## Task material
(* For every $Q\subset\mathrm{EX}(M)$, the space $Q(M)$ is $T_1$.
   Context: Conventions: $M$ is an $n$-dimensional smooth manifold (Hausdorff, second countable) with maximal $C^\infty$ atlas $\mathcal{A}(M)$; every chart $\alpha$ has open domain $\mathrm{dom}(\alpha)\subset M$ and open range $\mathrm{ran}(\alpha)\subset\mathbb{R}^n$. For $A\subset\mathbb{R}^n$, $\partial A$ is its boundary in $\mathbb{R}^n$; for $A\subset U\subset\mathbb{R}^n$, $\partial_U A$ is the boundary of $A$ relative to $U$. An admissible boundary point of $\alpha$ is a $p\in\partial\,\mathrm{ran}(\alpha)$ such that every sequence $(x_i)\subset\mathrm{dom}(\alpha)$ with $\alpha(x_i)\to p$ has no accumulation point in $M$; $B(\alpha)$ is the set of these. An extension is a pair $(\alpha,U)$, $U\subset\mathbb{R}^n$ open, $\mathrm{ran}(\alpha)\subset U$, $\emptyset\ne\partial_U\mathrm{ran}(\alpha)\subset B(\alpha)$; $\mathrm{EX}(M)$ is the set of extensions. A boundary set is $(\alpha,U,V)$ with $(\alpha,U)\in\mathrm{EX}(M)$, $V\subset B(\alpha)\cap U$ (a boundary point if $V=\{p\}$). $(\alpha,U,V)$ covers $(\beta,X,Y)$ if for every sequence $(y_i)\subset\mathrm{dom}(\beta)$ with $(\beta(y_i))$ having an accumulation point in $Y$ there is a subsequence $(v_i)\subset\mathrm{dom}(\alpha)$ of $(y_i)$ with $(\alpha(v_i))$ having an accumulation point in $V$; they are equivalent, $\equiv$, if each covers the other. Completion: for $Q\subset\mathrm{EX}(M)$ let $P=\{(\alpha,\mathrm{ran}(\alpha)):\alpha\in\mathcal{A}(M)\}$, $S_Q=P\cup Q$, $N_{(\alpha,U)}=\mathrm{ran}(\alpha)\cup\partial_U\mathrm{ran}(\alpha)$ with subspace topology of $\mathbb{R}^n$, $N_Q=\bigsqcup_{(\alpha,U)\in S_Q}N_{(\alpha,U)}$ with disjoint-union topology. Identify $x\in N_{(\alpha,U)}$ with $y\in N_{(\beta,X)}$ iff either $x\in\mathrm{ran}(\alpha)$, $y\in\mathrm{ran}(\beta)$, $\beta\circ\alpha^{-1}(x)=y$, or $x\in\partial_U\mathrm{ran}(\alpha)$, $y\in\partial_X\mathrm{ran}(\beta)$, $(\alpha,U,\{x\})\equiv(\beta,X,\{y\})$. $Q(M)$ is the quotient space with the quotient topology and $q:N_Q\to Q(M)$ the quotient map. *)

From HB Require Import structures.
From mathcomp Require Import all_boot all_order all_algebra.
From mathcomp Require Import all_classical all_reals all_analysis.
Set Implicit Arguments. Unset Strict Implicit. Unset Printing Implicit Defensive.
Import Order.TTheory GRing.Theory Num.Theory.
Import numFieldNormedType.Exports.
Local Open Scope classical_set_scope.
Local Open Scope ring_scope.

Section Manifold.
Variables (R : realType) (n : nat) (M : topologicalType).
Notation Rn := 'rV[R]_n.

Definition sec_countable (T : topologicalType) : Prop :=
  exists B : set (set T), countable B /\ (forall b, B b -> open b) /\
    forall O, open O -> forall x, O x -> exists b, [/\ B b, b x & (b `<=` O)].

Record chart := Chart {
  cdom : set M; cran : set Rn; cphi : M -> Rn; cpsi : Rn -> M }.

Definition is_chart (a : chart) : Prop :=
  open (cdom a) /\ open (cran a) /\ (cphi a @` cdom a = cran a) /\
  (forall x, cdom a x -> cpsi a (cphi a x) = x) /\
  (forall y, cran a y -> cdom a (cpsi a y) /\ cphi a (cpsi a y) = y) /\
  {within cdom a, continuous cphi a} /\ {within cran a, continuous cpsi a}.

Definition iterD (vs : seq Rn) (f : Rn -> Rn) : Rn -> Rn :=
  foldr (fun v g => fun x => 'D_v g x) f vs.

Definition smooth_on (U : set Rn) (f : Rn -> Rn) : Prop :=
  forall vs : seq Rn,
    (forall x v, U x -> derivable (iterD vs f) x v) /\
    {within U, continuous (iterD vs f)}.

Definition compat (a b : chart) : Prop :=
  smooth_on (cphi a @` (cdom a `&` cdom b)) (cphi b \o cpsi a).

Definition maximal_smooth_atlas (A : set chart) : Prop :=
  [/\ (forall a, A a -> is_chart a),
      (forall x, exists2 a, A a & cdom a x),
      (forall a b, A a -> A b -> compat a b) &
      (forall c, is_chart c -> (forall a, A a -> compat a c /\ compat c a) -> A c)].

Definition bd (S : set Rn) : set Rn := closure S `\` interior S.
Definition rbd (U S : set Rn) : set Rn :=
  [set p | [/\ U p, closure S p &
     ~ (exists O, [/\ open O, O p & (O `&` U `<=` S)])]].

Definition acc_pt (T : topologicalType) (u : nat -> T) (p : T) : Prop :=
  forall O, nbhs p O -> forall N, exists i, (N <= i)%N /\ O (u i).

Definition B_adm (a : chart) : set Rn :=
  [set p | bd (cran a) p /\
     forall x : nat -> M, (forall i, cdom a (x i)) ->
       (cphi a \o x) @ \oo --> p -> forall z : M, ~ acc_pt x z].

Definition ext := (chart * set Rn)%type.

Definition EX (A : set chart) : set ext :=
  [set e | [/\ A e.1, open e.2, cran e.1 `<=` e.2,
     (rbd e.2 (cran e.1) !=set0) & (rbd e.2 (cran e.1) `<=` B_adm e.1)]].

Definition covers (a : chart) (U V : set Rn) (b : chart) (X Y : set Rn) : Prop :=
  forall y : nat -> M, (forall i, cdom b (y i)) ->
    (exists2 p, Y p & acc_pt (cphi b \o y) p) ->
    exists s : nat -> nat, (forall i, (s i < s i.+1)%N) /\
      (forall i, cdom a (y (s i))) /\
      exists2 p, V p & acc_pt (cphi a \o (y \o s)) p.

Definition bequiv (a : chart) (U V : set Rn) (b : chart) (X Y : set Rn) : Prop :=
  covers a U V b X Y /\ covers b X Y a U V.

Definition SQ (A : set chart) (Q : set ext) : set ext :=
  [set e | (A e.1 /\ e.2 = cran e.1)] `|` Q.

Definition Nset (e : ext) : set Rn := cran e.1 `|` rbd e.2 (cran e.1).

(** N_Q as a set of pairs (index, point) *)
Definition NQ (A : set chart) (Q : set ext) : set (ext * Rn) :=
  [set p | SQ A Q p.1 /\ Nset p.1 p.2].

Definition NQ_open (A : set chart) (Q : set ext) (W : set (ext * Rn)) : Prop :=
  W `<=` NQ A Q /\
  forall e, SQ A Q e -> exists O : set Rn,
    open O /\ [set x | Nset e x /\ W (e, x)] = Nset e `&` O.

Definition ident (p q : ext * Rn) : Prop :=
  let: ((a, U), x) := p in let: ((b, X), y) := q in
  [/\ cran a x, cran b y, cdom b (cpsi a x) & cphi b (cpsi a x) = y] \/
  [/\ rbd U (cran a) x, rbd X (cran b) y &
      bequiv a U [set x] b X [set y]].

Definition qclass (A : set chart) (Q : set ext) (p : ext * Rn) : set (ext * Rn) :=
  [set q | NQ A Q q /\ ident p q].

Definition QM (A : set chart) (Q : set ext) : set (set (ext * Rn)) :=
  [set C | exists2 p, NQ A Q p & C = qclass A Q p].

Definition QM_open (A : set chart) (Q : set ext) (W : set (set (ext * Rn))) : Prop :=
  W `<=` QM A Q /\
  NQ_open A Q [set p | NQ A Q p /\ W (qclass A Q p)].

Definition QM_T1 (A : set chart) (Q : set ext) : Prop :=
  forall C, QM A Q C -> QM_open A Q [set D | QM A Q D /\ D <> C].


End Manifold.
Arguments sec_countable : clear implicits.

(** Every chart determines its own points: two points of one summand
    [N_(alpha,U)] of [N_Q] are identified only if they are equal.  For points
    of [ran alpha] this is injectivity of [alpha o alpha^-1]; for boundary
    points, a sequence of [ran alpha] tending to [x] is covered by a
    subsequence accumulating at [y], so [x = y] because [R^n] is Hausdorff.
    Hence every class meets each summand in at most one point, so its
    preimage is closed in every summand and the complement of the class is
    open in the quotient topology. *)
From HB Require Import structures.
From mathcomp Require Import all_boot all_order all_algebra.
From mathcomp Require Import all_classical all_reals all_analysis.
Set Implicit Arguments. Unset Strict Implicit. Unset Printing Implicit Defensive.
Local Open Scope classical_set_scope.
Import Order.TTheory GRing.Theory Num.Theory.
Import numFieldNormedType.Exports.

Lemma subsingleton_closed (T : topologicalType) (S : set T) :
  hausdorff_space T -> (forall x y, S x -> S y -> x = y) -> closed S.
Proof.
move=> hT S1; have [->|/eqP/set0P [x Sx]] := pselect (S = set0).
  exact: closed0.
have -> : S = [set x] by apply/seteqP; split=> [y Sy|y ->] //; exact: S1.
exact/accessible_closed_set1/hausdorff_accessible.
Qed.

Lemma closure_cvg_seq (R : realType) (V : pseudoMetricType R) (S : set V) x :
  closure S x -> exists2 z : nat -> V, (forall i, S (z i)) & z @ \oo --> x.
Proof.
move=> Sx.
have /choice [z zP] : forall i : nat, exists w, S w /\ ball x i.+1%:R^-1 w.
  move=> i; have /Sx [w [Sw xw]] : nbhs x (ball x i.+1%:R^-1).
    by apply: nbhsx_ballx; rewrite invr_gt0 ltr0n.
  by exists w.
exists z => [i|]; first exact: (zP i).1.
apply/cvg_ballP => e e0; have [N _ Ne] := near_infty_natSinv_lt (PosNum e0).
exists N => // i Ni; apply: (le_ball _ (zP i).2).
exact/ltW/Ne.
Qed.

Section AccumulationPoints.
Variable T : topologicalType.
Implicit Types (u : nat -> T) (p q : T).

Lemma cvg_acc_pt u p : u @ \oo --> p -> acc_pt u p.
Proof.
move=> up O pO N; have [N0 _ uO] := up _ pO.
by exists (maxn N N0); split; [exact: leq_maxl | apply: uO; exact: leq_maxr].
Qed.

Lemma cvg_acc_pt_eq u p q :
  hausdorff_space T -> u @ \oo --> p -> acc_pt u q -> p = q.
Proof.
move=> hT up uq; apply: hT => O B /up [N0 _ uO] /uq /(_ N0) [i [Ni Bi]].
by exists (u i); split => //; exact: uO.
Qed.

Lemma acc_pt_subseq u (s : nat -> nat) q :
  (forall i, (s i < s i.+1)%N) -> acc_pt (u \o s) q -> acc_pt u q.
Proof.
move=> s_incr usq O qO N; have [i [Ni Ousi]] := usq O qO N.
have si_ge : forall j, (j <= s j)%N.
  by elim=> // j IH; exact: leq_ltn_trans IH (s_incr j).
by exists (s i); split => //; exact: leq_trans Ni (si_ge i).
Qed.

End AccumulationPoints.

Section SingleChart.
Variables (R : realType) (n : nat) (M : topologicalType).
Variable a : chart R n M.
Hypothesis a_chart : is_chart a.

Lemma chart_psiK y : cran a y -> cphi a (cpsi a y) = y.
Proof. by case: a_chart => _ [_ [_ [_ [psiP _]]]] /psiP []. Qed.

Lemma chart_psi_dom y : cran a y -> cdom a (cpsi a y).
Proof. by case: a_chart => _ [_ [_ [_ [psiP _]]]] /psiP []. Qed.

Lemma covers_refl (U V : set 'rV[R]_n) : covers a U V a U V.
Proof. by move=> y ya [p Vp yp]; exists id; split=> //; split=> //; exists p. Qed.

(* Pull back to [M] a sequence of [ran a] converging to [x]: by the covering
   hypothesis some subsequence accumulates at [y]. *)
Lemma covers_point_eq (U : set 'rV[R]_n) x y :
  closure (cran a) x -> covers a U [set y] a U [set x] -> x = y.
Proof.
move=> ax cov; have [z ranz zx] := closure_cvg_seq ax.
have phi_psi_z : cphi a \o (cpsi a \o z) = z.
  by apply/funext => i /=; rewrite chart_psiK.
have psi_z_dom : forall i, cdom a ((cpsi a \o z) i).
  by move=> i; exact: chart_psi_dom.
have psi_z_acc : exists2 p, [set x] p & acc_pt (cphi a \o (cpsi a \o z)) p.
  by exists x => //; rewrite phi_psi_z; exact: (cvg_acc_pt zx).
have [s [s_incr [_ [p /= -> zsp]]]] := cov _ psi_z_dom psi_z_acc.
apply: (cvg_acc_pt_eq (@norm_hausdorff _ 'rV[R]_n) zx).
by apply: (acc_pt_subseq s_incr); rewrite -phi_psi_z.
Qed.

Lemma ident_refl (U : set 'rV[R]_n) x :
  Nset (a, U) x -> ident ((a, U), x) ((a, U), x).
Proof.
case=> [ax|Ux]; first by left; split=> //; [exact: chart_psi_dom | exact: chart_psiK].
by right; split=> //; split; exact: covers_refl.
Qed.

Lemma ident_same_ext_eq (U : set 'rV[R]_n) x y :
  ident ((a, U), x) ((a, U), y) -> x = y.
Proof.
case=> [[ax _ _ <-]|[_ [_ ay _] [cov _]]]; first by rewrite chart_psiK.
exact/esym/(covers_point_eq ay cov).
Qed.

End SingleChart.

Lemma qclass_inj (R : realType) (n : nat) (M : topologicalType)
    (A : set (chart R n M)) (Q : set (ext R n M)) (e : ext R n M) x y :
  is_chart e.1 -> SQ A Q e -> Nset e x ->
  qclass A Q (e, x) = qclass A Q (e, y) -> x = y.
Proof.
case: e => a U /= a_chart SQe Nx Cxy.
have : qclass A Q ((a, U), y) ((a, U), x).
  by rewrite -Cxy; split; [split | exact: ident_refl].
by case=> _ /(ident_same_ext_eq a_chart).
Qed.

Lemma qclass_fiber_closed (R : realType) (n : nat) (M : topologicalType)
    (A : set (chart R n M)) (Q : set (ext R n M)) (e : ext R n M) C :
  is_chart e.1 -> SQ A Q e ->
  closed [set x | Nset e x /\ qclass A Q (e, x) = C].
Proof.
move=> e_chart SQe; apply: subsingleton_closed; first exact: norm_hausdorff.
move=> x y [Nx Cx] [_ Cy]; apply: (qclass_inj e_chart SQe Nx).
by rewrite Cx Cy.
Qed.

Theorem mainTheorem14 (R : realType) (n : nat) (M : topologicalType)
  (A : set (chart R n M)) :
  hausdorff_space M -> sec_countable M -> maximal_smooth_atlas A ->
  forall Q : set (ext R n M), Q `<=` EX A -> QM_T1 A Q.
Proof.
move=> _ _ [A_chart _ _ _] Q QEX C QMC.
split; first by move=> D [].
split; first by move=> p [].
move=> e SQe; have e_chart : is_chart e.1.
  by apply: A_chart; case: SQe => [[]|/QEX []].
exists (~` [set x | Nset e x /\ qclass A Q (e, x) = C]); split.
  by rewrite openC; exact: qclass_fiber_closed.
apply/seteqP; split=> x /=.
- by move=> [Nx [_ [_ neqC]]]; split=> // -[_ /neqC].
- move=> [Nx notC]; split=> //; split; first by split.
  by split; [exists (e, x) | move=> eqC; apply: notC].
Qed.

## Work required
Please give an exact copy of the lines above, beginning with the line containing "by exists w." and running through the line containing "Hypothesis a_chart : is_chart a.", and of no other lines.

## Finished exercise
  by exists w.
exists z => [i|]; first exact: (zP i).1.
apply/cvg_ballP => e e0; have [N _ Ne] := near_infty_natSinv_lt (PosNum e0).
exists N => // i Ni; apply: (le_ball _ (zP i).2).
exact/ltW/Ne.
Qed.

Section AccumulationPoints.
Variable T : topologicalType.
Implicit Types (u : nat -> T) (p q : T).

Lemma cvg_acc_pt u p : u @ \oo --> p -> acc_pt u p.
Proof.
move=> up O pO N; have [N0 _ uO] := up _ pO.
by exists (maxn N N0); split; [exact: leq_maxl | apply: uO; exact: leq_maxr].
Qed.

Lemma cvg_acc_pt_eq u p q :
  hausdorff_space T -> u @ \oo --> p -> acc_pt u q -> p = q.
Proof.
move=> hT up uq; apply: hT => O B /up [N0 _ uO] /uq /(_ N0) [i [Ni Bi]].
by exists (u i); split => //; exact: uO.
Qed.

Lemma acc_pt_subseq u (s : nat -> nat) q :
  (forall i, (s i < s i.+1)%N) -> acc_pt (u \o s) q -> acc_pt u q.
Proof.
move=> s_incr usq O qO N; have [i [Ni Ousi]] := usq O qO N.
have si_ge : forall j, (j <= s j)%N.
  by elim=> // j IH; exact: leq_ltn_trans IH (s_incr j).
by exists (s i); split => //; exact: leq_trans Ni (si_ge i).
Qed.

End AccumulationPoints.

Section SingleChart.
Variables (R : realType) (n : nat) (M : topologicalType).
Variable a : chart R n M.
Hypothesis a_chart : is_chart a.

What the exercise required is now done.